You don't get double taxed on earnings between Canada, US, and Mexico. There is a tax treaty. I own a business in Mexico and pay taxes on this in Mexico, and also report the earnings in Canada. Canada deducts the % of taxes I have paid in Mexico and taxes me on the balance calculated for my tax bracket. So if I pay 3% taxes in Mexico, and am in a 15% tax bracket in Canada, they adjust that to 12%.
Luckily I don't earn enough to actually have to pay taxes in Canada after I get my Canadian tax deductions.


----------



## Zorro2017 (Jan 9, 2017)

surabi said:


> If that's all the IRS was focused on, the super rich hiding money offshore, that would be one thing. But FATCA is about taxing EVERYONE they consider to be a "US person". This includes people who have never set foot in the US, have never applied for a US passport, have ZERO ties (family, homes, etc) to the US and are citizens of other countries.
> A person can fall into this category if one of their parents was an American citizen when they were born, even if they were born outside of the US, for instance. They are known as "accidental Americans". And the IRS is coming after them whether they are rich or not. There was a huge upswing in the number of people renouncing their US citizenship because of FATCA (at which point the fee for doing so went from about $400 to $4000)-many of these folks are just working joes who have never had anything to do with the US- they are just trying to protect their meager paychecks and savings.
> If you are interested in reading more on this, check out Issac Brock Society online.
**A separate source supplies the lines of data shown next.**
Lemma thr_sum_lt_a : let r := (a.-1 %/ K)%N in (1 <= r)%N ->
  thr_sum%:R = ((a%:R + 2%:R * K%:R - 1) * b%:R - a%:R + 1) / 2%:R
               - (r%:R * a%:R - ((r%:R - 1) * (r%:R + 2%:R)) / 2%:R * K%:R) * G%:R :> rat.
Proof.
move=> r r1; have K0 : (0 < K)%N by lia.
have Ka : (K < a)%N by move: r1; rewrite /r leq_divRL // mul1n; lia.
have [sq st] := sum_thr_lt_a Ka.
set j := (a.-1 %% K).+1.
have jK : (j <= K)%N by rewrite /j ltn_mod.
have ea : a = (r * K + j)%N by rewrite /j /r addnS -divn_eq; lia.
have := double_sum_divn r K0 jK; rewrite -ea.
have := double_thr_sum; rewrite sq st.
move: (\sum_(0 <= t < a) t %/ K)%N => Q e1 e2.
have e3 : (G * (2 * Q + K * r) + 2 * G * r * (r * K) = G * (K * r * r) + 2 * G * r * a)%N.
  by rewrite e2 [in RHS]ea; nia.
have Kab : (K * G <= a * G)%N by rewrite leq_mul2r ltnW ?orbT.
have e4 : (2 * thr_sum + 2 * G * (a + Q) + 3 * a + g + 2 * K * G =
           2 * a * a + 2 * (K * b + a * G) + a * g + 1)%N by lia.
rewrite def_b in e4 *; move: e3 e4 => /natr_eq e3 /natr_eq e4.
rewrite !(natrD, natrM) in e3 e4 *.
lra.
Qed.

End Thresholds.

Lemma fibSS n : fib n.+2 = fib n.+1 + fib n. Proof. by []. Qed.

Lemma fibS_pred n : 0 < n -> fib n.+1 = fib n + fib n.-1.
Proof. by case: n. Qed.

Lemma fib_leq m n : m <= n -> fib m <= fib n.
Proof.
move=> /subnK <-; elim: (n - m) => // d IH; rewrite addSn.
by apply: leq_trans IH _; case: (d + m) => // p; rewrite fibSS leq_addr.
Qed.

Lemma fib_gt0 n : 0 < n -> 0 < fib n.
Proof. by move=> n0; apply: leq_trans (fib_leq n0). Qed.

Lemma double_fib_sub2 k : 2 * fib (k - 2) <= fib k.
Proof.
case: k => [|[|k]] //; rewrite !subSS subn0 fibSS; have := fib_leq (leqnSn k); lia.
Qed.

Lemma coprime_fibS n : coprime (fib n.+1) (fib n).
Proof. by elim: n => // n IH; rewrite /coprime fibSS gcdnC gcdnDl. Qed.

Lemma fib_addS m n : fib (m + n).+1 = fib m.+1 * fib n.+1 + fib m * fib n.
Proof.
elim/ltn_ind: m => -[|[|m]] IH; first by rewrite mul1n addn0.
  by rewrite !mul1n.
rewrite addSn fibSS [in fib (m.+1 + n)]addSn !IH // !fibSS; nia.
Qed.

Lemma fib_add_sub2 i k : 2 <= k -> fib (i + k) + fib (k - 2) * fib i = fib k * fib (i + 2).
Proof.
case: k => [|[|k]] // _; rewrite !subSS subn0 addnS fib_addS addn2 !fibSS; nia.
Qed.

Local Open Scope ring_scope.

Theorem theorem10 (i k : nat) (hi : (3 <= i)%N) (hk : (3 <= k)%N) :
  let F := fun j => (fib j)%:R : rat in
  let base := (3%:R * F i * F (i + 2)%N - F i - F (i + 2)%N + 1) / 2%:R in
  [/\ ((i + 2 <= k)%N ->
        exists m : nat, is_sylvester 1 [:: fib i; fib (i + 2); fib (i + k)] m
                        /\ m%:R = base),
      ((k == i) || (k == i.+1) ->
        exists m : nat, is_sylvester 1 [:: fib i; fib (i + 2); fib (i + k)] m
                        /\ m%:R = base - (2%:R * F i - F k) * F (k - 2)%N) &
      (let r := ((fib i).-1 %/ fib k)%N in (1 <= r)%N ->
        exists m : nat, is_sylvester 1 [:: fib i; fib (i + 2); fib (i + k)] m
                        /\ m%:R = ((F i + 2%:R * F k - 1) * F (i + 2)%N - F i + 1) / 2%:R
                                  - (r%:R * F i - ((r%:R - 1) * (r%:R + 2%:R)) / 2%:R * F k)
                                    * F (k - 2)%N)].
Proof.
move=> F base; have i_gt0 : (0 < i)%N by lia.
have a_gt0 : (0 < fib i)%N by apply: fib_gt0; lia.
have g_gt0 : (0 < fib i.-1)%N by apply: fib_gt0; lia.
have G_gt0 : (0 < fib (k - 2))%N by apply: fib_gt0; lia.
have GK := double_fib_sub2 k.
have def_b : fib (i + 2) = (2 * fib i + fib i.-1)%N.
  by rewrite addn2 fibSS fibS_pred //; lia.
have co_ag : coprime (fib i) (fib i.-1) by rewrite -[in fib i](prednK i_gt0) coprime_fibS.
have def_c := fib_add_sub2 i (ltnW hk).
have c_gt0 : (0 < fib (i + k))%N by apply: fib_gt0; lia.
have sylv := is_sylvester_thr a_gt0 G_gt0 GK def_b co_ag def_c c_gt0.
split=> [ik | kik | r r1]; eexists; split; try exact: sylv.
- apply: thr_sum_ge_2a => //; have := fib_leq ik; lia.
- apply: thr_sum_between => //; case/orP: kik => /eqP ->; first lia.
  by rewrite fibS_pred //; have := fib_leq (leq_pred i); lia.
- exact: thr_sum_lt_a.
Qed.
I'm by no means a fan of the IRS but the number of people who have never set foot in the US pales in comparison to the millions who would be hiding income in the form of bank interest overseas. Most expats keep very little in Mexican banks, not enough to worry about the tax.


----------



## lagoloo (Apr 12, 2011)

The advantages of acquiring Mexican citizenship are primarily: You can serve in the military (for the young'uns), you can vote in elections, be a political activist if you wish, and you can own property (in the same manner as in the rest of Mexico) in the zone near the beaches where you would otherwise have to have an intermediary, such as a bank. I am not sure if you can will such property to others or whether there is a time limit to such "ownership".


----------



## citlali (Mar 4, 2013)

I became a Mexican citizen because I know for a fact after living all of my adult life as an expat that the laws about whatever visa you re under can change at the drop of a hat, being a citizen of a country protects you from that type of changes..


----------



## TundraGreen (Jul 15, 2010)

lagoloo said:


> The advantages of acquiring Mexican citizenship are primarily: You can serve in the military (for the young'uns), you can vote in elections, be a political activist if you wish, and you can own property (in the same manner as in the rest of Mexico) in the zone near the beaches where you would otherwise have to have an intermediary, such as a bank. I am not sure if you can will such property to others or whether there is a time limit to such "ownership".





citlali said:


> I became a Mexican citizen because I know for a fact after living all of my adult life as an expat that the laws about whatever visa you re under can change at the drop of a hat, being a citizen of a country protects you from that type of changes..


I would mention a few other minor advantages I have found of being a citizen.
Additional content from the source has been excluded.